Most scripters know about the sort method on the Array prototype -- you give it an array and (optionally) a comparison function, and it sorts the array so that every element is less than or equal to the following element.  However, as Raymond pointed out a while back, the standard sort algorithm only works if your comparison function can impose a total order.  What if you only care about a partial order?  That is, you know that some things must come before others, but there are some items that can sensibly come in any order?  You can't use the built-in sort method for that, and Raymond never did say how to do it in his post.

Let me give you a concrete example of what I mean -- about twice a year I end up going to some event that requires me to wear my formal evening clothes.  (Who do I think I'm fooling here?  I live in Seattle, the least formally dressed city in America!  I should say, I go to some event where I can get away with wearing formal evening wear, and I'll take every chance I can get to amortize the cost of that tailcoat!)  Of course, this presents a problem -- what goes on first?  You don't want to put on the vest before the shirt, but it doesn't really matter whether the top hat goes on before or after the gloves.  What we need is a partial ordering.

The sort algorithm that produces partial orders is called topological sort, and it is very easy to implement in JScript.  First, let's start with a dependency list that defines what comes before what:

var deps =
{
      tophat      : [ ],
      bowtie      : ["shirt"],
      socks       : [ ],
      pocketwatch : ["vest"],
      vest        : ["shirt"],
      shirt       : [ ],
      shoes       : ["trousers", "socks"],
      cufflinks   : ["shirt"],
      gloves      : [ ],
      tailcoat    : ["vest"],
      underpants  : [ ],
      trousers    : ["underpants"]
};

As you can see, I'm using JScript's object literal and array literal syntaxes to define a data structure where each top-level member maps to a list of the members that we know must come before it.  Now all we need is to figure out a partial ordering that meets every one of these conditions. 
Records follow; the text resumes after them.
Lemma bar_is_monoid_morphism : monoid_morphism bar.
Proof.
split=> [|x y].
  have one_frac : (1 : K) = tf 1 / tf 1 by rewrite rmorph1 divr1.
  by rewrite {1}one_frac bar_frac ?oner_neq0 // rmorph1 divr1.
have [a [b [b0 ->]]] := fracP x; have [c [d [d0 ->]]] := fracP y.
by rewrite mulf_div -!rmorphM !bar_frac ?mulf_neq0 // mulf_div !rmorphM.
Qed.

HB.instance Definition _ := GRing.isZmodMorphism.Build K K bar bar_is_zmod_morphism.
HB.instance Definition _ := GRing.isMonoidMorphism.Build K K bar bar_is_monoid_morphism.

Lemma barT : bar T = T^-1.
Proof.
have T_frac : T = tf 'X / tf 1 by rewrite rmorph1 divr1.
by rewrite {1}T_frac bar_frac ?oner_neq0 // rmorph1 divr1 subst_invX.
Qed.

(** * Laurent polynomials and the formal Burau group *)

Lemma TXn_neq0 n : T ^+ n != 0. Proof. exact: expf_neq0 T_neq0. Qed.

Lemma laurent_tf p : laurent (tf p).
Proof. by exists p, 0%N; rewrite divr1. Qed.

Lemma laurent0 : laurent 0. Proof. by rewrite -(rmorph0 tf); apply: laurent_tf. Qed.
Lemma laurent1 : laurent 1. Proof. by rewrite -(rmorph1 tf); apply: laurent_tf. Qed.
Lemma laurentT : laurent T. Proof. exact: laurent_tf. Qed.
Lemma laurentTV : laurent T^-1. Proof. by exists 1, 1%N; rewrite rmorph1 div1r. Qed.

Lemma laurentD x y : laurent x -> laurent y -> laurent (x + y).
Proof.
move=> [p [n ->]] [q [m ->]]; exists (p * 'X^m + q * 'X^n), (n + m)%N.
by rewrite addf_div ?TXn_neq0 // rmorphD !rmorphM !rmorphXn exprD.
Qed.

Lemma laurentN x : laurent x -> laurent (- x).
Proof. by move=> [p [n ->]]; exists (- p), n; rewrite rmorphN mulNr. Qed.

Lemma laurentB x y : laurent x -> laurent y -> laurent (x - y).
Proof. by move=> lx ly; apply/laurentD/laurentN. Qed.

Lemma laurentM x y : laurent x -> laurent y -> laurent (x * y).
Proof.
move=> [p [n ->]] [q [m ->]]; exists (p * q), (n + m)%N.
by rewrite mulf_div rmorphM exprD.
Qed.

Definition laurent_mx (A : 'M[K]_3) := forall i j, laurent (A i j).

Lemma laurent_mx1 : laurent_mx 1%:M.
Proof. by move=> i j; rewrite mxE; case: (i == j); [apply: laurent1 | apply: laurent0]. Qed.

Lemma laurent_mxM A B : laurent_mx A -> laurent_mx B -> laurent_mx (A *m B).
Proof.
move=> lA lB i j; rewrite mxE; apply: (big_ind laurent laurent0 laurentD) => k _.
exact: laurentM.
Qed.

Ltac laurent_entries := let i := fresh "i" in let j := fresh "j" in move=> i j; rewrite mxE;
  case: (ord3P i) => ->; case: (ord3P j) => ->; rewrite /=;
  repeat first [ apply: laurentB | apply: laurent1 | apply: laurent0
               | apply: laurentT | apply: laurentTV ].

Definition preserves_J3 (A : 'M[K]_3) := barmx A *m J3 *m A^T = J3.

Lemma preserves_J3_1 : preserves_J3 1%:M.
Proof. by rewrite /preserves_J3 /barmx map_mx1 trmx1 mul1mx mulmx1. Qed.

Lemma preserves_J3M A B : preserves_J3 A -> preserves_J3 B -> preserves_J3 (A *m B).
Proof.
rewrite /preserves_J3 /barmx => JA JB.
by rewrite map_mxM trmx_mul !mulmxA -(mulmxA _ _ J3) -(mulmxA _ _ B^T) JB.
Qed.

Lemma preserves_J3V A : A \in unitmx -> preserves_J3 A -> preserves_J3 (invmx A).
Proof.
rewrite /preserves_J3 /barmx => uA JA.
have ubA : map_mx bar A \in unitmx by rewrite map_unitmx.
rewrite map_invmx trmx_inv -{1}JA !mulmxA mulVmx // mul1mx -(mulmxA J3).
by rewrite mulmxV ?unitmx_tr // mulmx1.
Qed.

Lemma formal_burau1 : formal_burau 1%:M.
Proof.
split; [split; [|split] | split; [|split]].
- exact: laurent_mx1.
- exact: unitmx1.
- by rewrite invmx1; apply: laurent_mx1.
- exact: mulmx1.
- exact: mul1mx.
- exact: preserves_J3_1.
Qed.

Lemma formal_burauM A B : formal_burau A -> formal_burau B -> formal_burau (A *m B).
Proof.
move=> [[lA [uA liA]] [vA [oA JA]]] [[lB [uB liB]] [vB [oB JB]]].
split; [split; [|split] | split; [|split]].
- exact: laurent_mxM lA lB.
- by rewrite unitmx_mul uA uB.
- by rewrite (invmxM uA uB); apply: laurent_mxM liB liA.
- by rewrite mulmxA vA vB.
- by rewrite -mulmxA oB oA.
- exact: preserves_J3M JA JB.
Qed.

Lemma formal_burauV A : formal_burau A -> formal_burau (invmx A).
Proof.
move=> [[lA [uA liA]] [vA [oA JA]]].
split; [split; [|split] | split; [|split]].
- exact: liA.
- by rewrite unitmx_inv.
- by rewrite invmxK.
- by rewrite -{1}vA (mulmxK uA).
- by rewrite -{1}oA (mulKmx uA).
- exact: preserves_J3V uA JA.
Qed.

Lemma formal_burauX A n : formal_burau A -> formal_burau (A ^+ n).
Proof.
move=> fA; elim: n => [|n IHn]; first exact: formal_burau1.
by rewrite exprS; apply: formal_burauM.
Qed.

Lemma formal_burau_s1 : formal_burau s1.
Proof.
have s1V := mul_sigma1_inv T_neq0; have [us1 _] := mulmx1_unit s1V.
split; [split; [|split] | split; [|split]].
- by laurent_entries.
- exact: us1.
- by rewrite (mulmx1_invmx s1V); laurent_entries.
- exact: burau_v_sigma1.
- exact: sigma1_ones.
- have -> : barmx s1 = sigma1 T^-1 by rewrite /barmx map_sigma1 -barT.
  exact: sigma1_J T_neq0.
Qed.

Lemma formal_burau_s2 : formal_burau s2.
Proof.
have s2V := mul_sigma2_inv T_neq0; have [us2 _] := mulmx1_unit s2V.
split; [split; [|split] | split; [|split]].
- by laurent_entries.
- exact: us2.
- by rewrite (mulmx1_invmx s2V); laurent_entries.
- exact: burau_v_sigma2.
- exact: sigma2_ones.
- have -> : barmx s2 = sigma2 T^-1 by rewrite /barmx map_sigma2 -barT.
  exact: sigma2_J T_neq0.
Qed.

(** * Units of Z[t, t^-1] *)

Lemma int_unit_sign (c : int) : c \is a GRing.unit -> exists s : bool, c = (-1) ^+ s.
Proof. by move=> /orP[/eqP->|/eqP->]; [exists false | exists true]. Qed.

Lemma poly_mul_eqXn (R : idomainType) (N : nat) (p q : {poly R}) :
  p * q = 'X^N -> exists2 c, c \is a GRing.unit & exists a, p = c *: 'X^a.
Proof.
have splitX (r : {poly R}) : exists r1 c, r = r1 * 'X + c%:P.
  by elim/poly_ind: r => [|r c _]; [exists 0, 0; rewrite mul0r add0r | exists r, c].
have X0 : ('X : {poly R}) != 0 by rewrite polyX_eq0.
elim: N p q => [|N IHN] p q pq.
  have : p \is a GRing.unit by apply/unitrPr; exists q; rewrite pq expr0.
  rewrite poly_unitE => /andP[/eqP sp u0]; exists p`_0 => //; exists 0%N.
  by rewrite expr0 alg_polyC; apply: size1_polyC; rewrite sp.
have [p1 [c pE]] := splitX p; have [q1 [e qE]] := splitX q.
have : c * e = 0.
  by move: (congr1 (coefp 0) pq); rewrite /= coef0M pE qE !coefD !coefMX !coefC coefXn !add0r.
rewrite exprSr in pq; move/eqP; rewrite mulf_eq0 => /orP[/eqP ce0 | /eqP ce0].
  move: pq; rewrite pE ce0 addr0 mulrAC => /(mulIf X0)/IHN[c' uc' [a ->]].
  by exists c' => //; exists a.+1; rewrite -scalerAl -exprSr.
by move: pq; rewrite qE ce0 addr0 mulrA => /(mulIf X0)/IHN.
Qed.

Lemma rmorph_phi3 (R S : nzRingType) (f : {rmorphism R -> S}) (x : R) :
  f (phi3 x) = phi3 (f x).
Proof. by rewrite /phi3 !rmorphD rmorph1 rmorphXn. Qed.

Lemma phi3T_neq0 : phi3 T != 0.
Proof.
rewrite -rmorph_phi3 tf_eq0; apply/eqP => /(congr1 (coefp 0)).
by rewrite /= !coefD coef1 coefX coefXn coef0.
Qed.

Lemma laurent_unit_monomial (b : K) : b != 0 -> laurent b -> laurent b^-1 ->
  exists (s : bool) (a m : nat), b = (-1) ^+ s * T ^+ a / T ^+ m.
Proof.
move=> b0 [p [m bE]] [q [n bVE]].
have : p * q = 'X^(m + n).
  apply: tf_inj; rewrite rmorphM rmorphXn exprD /= -/T.
  rewrite -(divfK (TXn_neq0 m) (tf p)) -(divfK (TXn_neq0 n) (tf q)) -bE -bVE.
  by rewrite mulrACA (mulfV b0) mul1r.
move=> /poly_mul_eqXn[c /int_unit_sign[s ->] [a pE]].
by exists s, a, m; rewrite bE pE -mul_polyC !(rmorphM, rmorphXn, rmorphN, rmorph1) /=.
Qed.

Lemma prim3_two_F7 : 3.-primitive_root (2 : 'F_7).
Proof. by apply/andP; split => //; apply/forallP => -[[|[|[|]]] //= _]; rewrite unity_rootE. Qed.

Lemma two_pow_F7 (s : bool) (m a : nat) :
  (2 : 'F_7) ^+ m = (-1) ^+ s * 2 ^+ a -> s = false /\ (m = a %[mod 3])%N.
Proof.
have cube1 k : ((2 : 'F_7) ^+ k) ^+ 3 = 1.
  by rewrite -exprM mulnC exprM (prim_expr_order prim3_two_F7) expr1n.
case: s => /= e.
  (* Cubing kills the powers of 2 but not the sign. *)
  by move: (congr1 (fun x => x ^+ 3) e); rewrite /= exprMn cube1 cube1 mulr1.
by split=> //; apply/eqP; rewrite -(eq_prim_root_expr prim3_two_F7) e mul1r.
Qed.

Definition eval2_F7 : {rmorphism {poly int} -> 'F_7} :=
  horner_eval (2 : 'F_7) \o map_poly (intr : int -> 'F_7).

Lemma eval2_F7X : eval2_F7 'X = 2.
Proof. by rewrite /= map_polyX /horner_eval hornerX. Qed.

Lemma phi3_two_F7 : phi3 (2 : 'F_7) = 0.
Proof. by apply/eqP. Qed.

Lemma phi3_dvd_1_sub_monomial (s : bool) (a m : nat) :
  laurent ((1 - (-1) ^+ s * T ^+ a / T ^+ m) / phi3 T) ->
  s = false /\ (a = m %[mod 3])%N.
Proof.
move=> [r [l /esym rE]].
set b := _ / T ^+ m in rE; set x := _ / phi3 T in rE.
have xE : x * phi3 T = 1 - b by rewrite divfK ?phi3T_neq0.
have bE : b * T ^+ m = (-1) ^+ s * T ^+ a by rewrite divfK ?TXn_neq0.
have poly_eq : r * phi3 'X * 'X^m = ('X^m - (-1) ^+ s * 'X^a) * 'X^l.
  apply: tf_inj; rewrite !(rmorphM, rmorphB, rmorphXn, rmorphN, rmorph1) rmorph_phi3 /= -/T.
  rewrite -(divfK (TXn_neq0 l) (tf r)) rE [x * _ * _]mulrAC xE -bE.
  (* [ring] would reflect [T = tf 'X] through [tf] and compute in {poly int}. *)
  by clearbody b; move: (T ^+ l) (T ^+ m) => u w; ring.
move/(congr1 eval2_F7): poly_eq; rewrite !(rmorphM, rmorphB, rmorphXn, rmorphN, rmorph1).
rewrite rmorph_phi3 eval2_F7X phi3_two_F7 mulr0 mul0r => /esym/eqP.
rewrite mulf_eq0 expf_eq0 /= andbF orbF subr_eq0 => /eqP /two_pow_F7 [-> /esym].
by split.
Qed.

Lemma laurent_central_unit (b : K) : b != 0 -> laurent b -> laurent b^-1 ->
  laurent ((1 - b) / phi3 T) -> exists k : int, b = (T ^+ 3) ^ k.
Proof.
move=> b0 lb lbV lx; have [s [a [m bE]]] := laurent_unit_monomial b0 lb lbV.
rewrite bE in lx; have [s0 am] := phi3_dvd_1_sub_monomial lx.
exists ((a%:Z - m%:Z) %/ 3)%Z.
rewrite bE s0 mul1r -[T ^+ 3]/(T ^ 3%:Z) exprz_exp (_ : _ * _ = a%:Z + - m%:Z); last by lia.
by rewrite expfzDr ?T_neq0 // -exprnN.
Qed.

(** * The center *)

Lemma betaDelta_central : betaDelta = central_mx T (T ^+ 3).
Proof. exact: full_twist phi3T_neq0. Qed.

Lemma zpow_betaDelta (k : int) : zpow betaDelta k = central_mx T ((T ^+ 3) ^ k).
Proof.
rewrite betaDelta_central; case: k => n /=; first by rewrite (central_mxX phi3T_neq0).
by rewrite (central_mx_inv phi3T_neq0) ?TXn_neq0 // (central_mxX phi3T_neq0) exprVn.
Qed.

Lemma formal_burau_zpow k : formal_burau (zpow betaDelta k).
Proof.
have fD : formal_burau betaDelta.
  have fP := formal_burauM (formal_burauM formal_burau_s1 formal_burau_s2) formal_burau_s1.
  exact: (formal_burauM fP fP).
by case: k => n /=; apply: formal_burauX; last apply: formal_burauV.
Qed.

Lemma zpow_betaDelta_commute k B : vv *m B = vv -> B *m one3 = one3 ->
  zpow betaDelta k *m B = B *m zpow betaDelta k.
Proof. by move=> vB B1; rewrite zpow_betaDelta; apply: central_mx_commute T_neq0 B1 vB. Qed.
Here's what we're going to do: we're going to take every item and examine its list of “dependent children“.  We'll then examine their dependencies, and so on until eventually we find one that has no dependencies.  For example, suppose we pick "shoes".  It depends on "trousers", which depends on "underpants", which depends on nothing.  OK, great, so we've reached the bottom -- so what?

This is very helpful because clearly the ones "at the bottom" are the ones you must do first!  And of all the items at the bottom, you can do them in any order.  That's the crux of the algorithm: if you then remove the current bottom item from consideration and find any other bottom, and keep doing that until everything is gone, you've got yourself a correct partial ordering. 

We can do this very efficiently -- the key is that if we run backwards up that descent I just described, we end up with a good partial ordering: "underpants", "trousers", "shoes".  By diving down until we can go no deeper, we guarantee that we'll never list a later node before one that must come earlier.  We just repeat this process recursively for every dependency of every node, and we're done. 

Of course, we'll have to make sure that we don't accidentally hit the same item twice.  Both “bowtie” and “vest” depend on “shirt”.  Once we've hit bottom on “shirt” once we want to never do so again, so every time we've examined any item once we'll mark it as "dead".

How are we going to run back up the list?  We'll just write a recursive function to do the descent; as we return up the stack we'll stick the current item in the stack frame onto our list.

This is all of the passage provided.